46 - Cross Media File Storage with Strata [ID:9509]

50 von 891 angezeigt

The following content has been provided by the University of Erlangen-Nürnberg.

So yeah, hey everybody. The talk is basically in three parts. I'm going to take a bit of time in the beginning, just introduce myself to you and tell you a bit about the type of research that I do.

Then we're going to do a deep dive into Strata, which is a new file system that we're building at UT Austin according to some new server hardware and software trends.

I'm going to tell you what those are. And then finally at the end I'm going to take just a little bit of time to tell you about some further future trends in server computing and in data centers and some ongoing projects that I have.

I should also acknowledge the students that have been working hard on this project, Youngjin, Henrique and Tyler from UT Austin as well as Walid Rada, originally from KTH, who was my intern last semester.

And then Emmett Wichel from UT Austin, Tom Anderson from UW, and Marco Canini from KAUST to help steer the project together with me.

Okay, so you probably already know I'm a systems researcher. I work primarily in operating systems and networks.

My research approach is typically that I try to understand an entire problem space, including hardware and application trends that are adjacent to this problem space.

So, for example, what I typically do is for a certain area, let's say data centers, I try to think myself five years into the future, look at the hardware trends, look at the application trends,

and then determine what they're going to look like in five years and how they might progress in the future after that. And then I say, well, what does that mean for the operating system, for example?

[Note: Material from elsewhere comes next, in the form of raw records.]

Unset Implicit Arguments.
Theorem lemma4 (R : comPzRingType) (M : Type) (Mne : inhabited M) (X : Type) :
  (* (i) natural isomorphism of R-group functors GL_R(F) ~ Aut(A(X), F) *)
  (exists Phi : forall (S : comPzRingType), {rmorphism R -> S} ->
        (fsum S X -> fsum S X) -> (fsum S (magma X M) -> fsum S (magma X M)),
     (forall (S : comPzRingType) (iS : {rmorphism R -> S}) phi, GLF phi -> AutAX (Phi S iS phi)) /\
     (forall (S : comPzRingType) (iS : {rmorphism R -> S}) phi phi', GLF phi -> GLF phi' ->
        meq (@feq S X) phi phi' -> meq (@feq S _) (Phi S iS phi) (Phi S iS phi')) /\
     (forall (S : comPzRingType) (iS : {rmorphism R -> S}) phi phi', GLF phi -> GLF phi' ->
        meq (@feq S _) (Phi S iS (phi \o phi')) (Phi S iS phi \o Phi S iS phi')) /\
     (forall (S : comPzRingType) (iS : {rmorphism R -> S}) phi phi', GLF phi -> GLF phi' ->
        meq (@feq S _) (Phi S iS phi) (Phi S iS phi') -> meq (@feq S X) phi phi') /\
     (forall (S : comPzRingType) (iS : {rmorphism R -> S}) psi, AutAX psi ->
        exists phi, GLF phi /\ meq (@feq S _) (Phi S iS phi) psi) /\
     (forall (S S' : comPzRingType) (iS : {rmorphism R -> S}) (iS' : {rmorphism R -> S'})
          (h : {rmorphism S -> S'}) (phi : fsum S X -> fsum S X),
        Ralg_hom iS iS' h -> GLF phi ->
        meq (@feq S' _) (Phi S' iS' (bc h phi)) (bc h (Phi S iS phi))))
  /\
  (* (ii) *)
  (forall (B : lmodType R) (mul : M -> B -> B -> B) (iF : X -> B),
     bilinear_prods mul ->
     generates mul iF ->
     (forall (S : comPzRingType) (iS : {rmorphism R -> S}) (u v : fsum S X),
        teq iS (fmapT iF u) (fmapT iF v) -> feq u v) ->
     (forall (S : comPzRingType) (iS : {rmorphism R -> S}) theta, AutB mul iF iS theta ->
        exists psi, @ext_rel R B X M iF S iS theta psi /\ AutAX psi) /\
     (forall (S : comPzRingType) (iS : {rmorphism R -> S}) theta psi psi', AutB mul iF iS theta ->
        @ext_rel R B X M iF S iS theta psi -> @ext_rel R B X M iF S iS theta psi' ->
        meq (@feq S _) psi psi') /\
     (forall (S : comPzRingType) (iS : {rmorphism R -> S}) theta1 theta2 psi1 psi2,
        AutB mul iF iS theta1 -> AutB mul iF iS theta2 ->
        @ext_rel R B X M iF S iS theta1 psi1 -> @ext_rel R B X M iF S iS theta2 psi2 ->
        @ext_rel R B X M iF S iS (theta1 \o theta2) (psi1 \o psi2)) /\
     (forall (S : comPzRingType) (iS : {rmorphism R -> S}) theta1 theta2 psi1 psi2,
        AutB mul iF iS theta1 -> AutB mul iF iS theta2 ->
        @ext_rel R B X M iF S iS theta1 psi1 -> @ext_rel R B X M iF S iS theta2 psi2 ->
        meq (@feq S _) psi1 psi2 -> meq (@teq S R iS B) theta1 theta2) /\
     (forall (S S' : comPzRingType) (iS : {rmorphism R -> S}) (iS' : {rmorphism R -> S'})
          (h : {rmorphism S -> S'}) theta psi,
        Ralg_hom iS iS' h -> AutB mul iF iS theta ->
        @ext_rel R B X M iF S iS theta psi ->
        @ext_rel R B X M iF S' iS' (bc h theta) (bc h psi))).
Proof.
split.
  exists (fun S _ phi => @extF X M S phi).
  split; first by move=> S iS phi; apply: extF_AutAX.
  split; first by move=> S iS phi phi' _ _; apply: extF_resp.
  split; first by move=> S iS phi phi' [phi_lin _] _ u; apply/feq_sym/extF_comp.
  split; first by move=> S iS phi phi'; apply: extF_inj.
  split; first by move=> S iS psi; apply: extF_surj.
  by move=> S S' iS iS' h phi _ _; apply: extF_bc.
move=> B mul iF mul_bilinear iF_generates F_injective.
split; first by move=> S iS theta; apply: ext_rel_exists.
split; first by move=> S iS theta psi psi' _; apply: ext_rel_unique.
split; first by move=> S iS theta1 theta2 psi1 psi2 [theta1_lin _] _; apply: ext_rel_comp.
split; first by move=> S iS theta1 theta2 psi1 psi2; apply: ext_rel_inj.
by move=> S S' iS iS' h theta psi h_alg _; apply: ext_rel_bc.
Qed.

How should we be building it? And once I made up my mind as to how to build it, then I go ahead and do build it, actually, build a real system, evaluate it, and then publish on it, and then typically release it as open source afterwards so other people can benefit from it as well.

I'm typically driven by big problems. We're going to see a bit later what I mean by that. And all of these things together then hopefully allows me to publish in top conferences such as OSDI and SOSP.

I'm also pretty collaborative. I work with colleagues in industry and academia, which you've already seen in the title slide here.

I'm also the director of the Texas Systems Research Consortium, which I started at UT Austin, which is a platform that allows me and the other systems-minded faculty at UT Austin to collaborate better with industry colleagues, for example, to learn from them what they see are the big problems that are coming or new technologies that might be coming in the next couple of years.

And then we try to see if we can do some research together. It doesn't always work, but it works in many cases.

My current focus is on data centers, which I try to understand top to bottom. I've been working on pretty much everything from cabling or how to wire a data center up for better fault tolerance to routing problems such as balancing load and doing congestion control to raise the data center's network utilization to operating systems and how to do more efficient I.O. in servers, which is also going to be a topic of the rest of the talk, of the Strata file system.

I've also worked on memory management, in particular address translation problems as DRAM sizes grow, large pages and things like that.

Scalability, Vasha already mentioned, I was one of the founding members of the Verifish operating system, all the way out to security or how we access a data center safely.

Over the Internet, for example, if there might be untrusted actors on the Internet, such as entire countries that control certain areas of the Internet that might be eavesdropping in our connections and how we can route around those.

But also inside the data center using technologies such as secure enclaves when the data center provider is untrusted.

Why do I work on data centers? Well, they drive the digital economy and so essentially every one of us is affected by things that we do in the data center these days.

Perhaps an anecdote on that is, this is now perhaps a year old, roughly about a year ago from today, I read in the New York Times that there was a watershed moment in the stock market that the top three to five

companies in the S&P 500, which is one big index, it's kind of the same thing as the Ducks in Germany, are not all data center companies.

They used to be banks and oil companies, all of that is now replaced by data. Data really runs the world.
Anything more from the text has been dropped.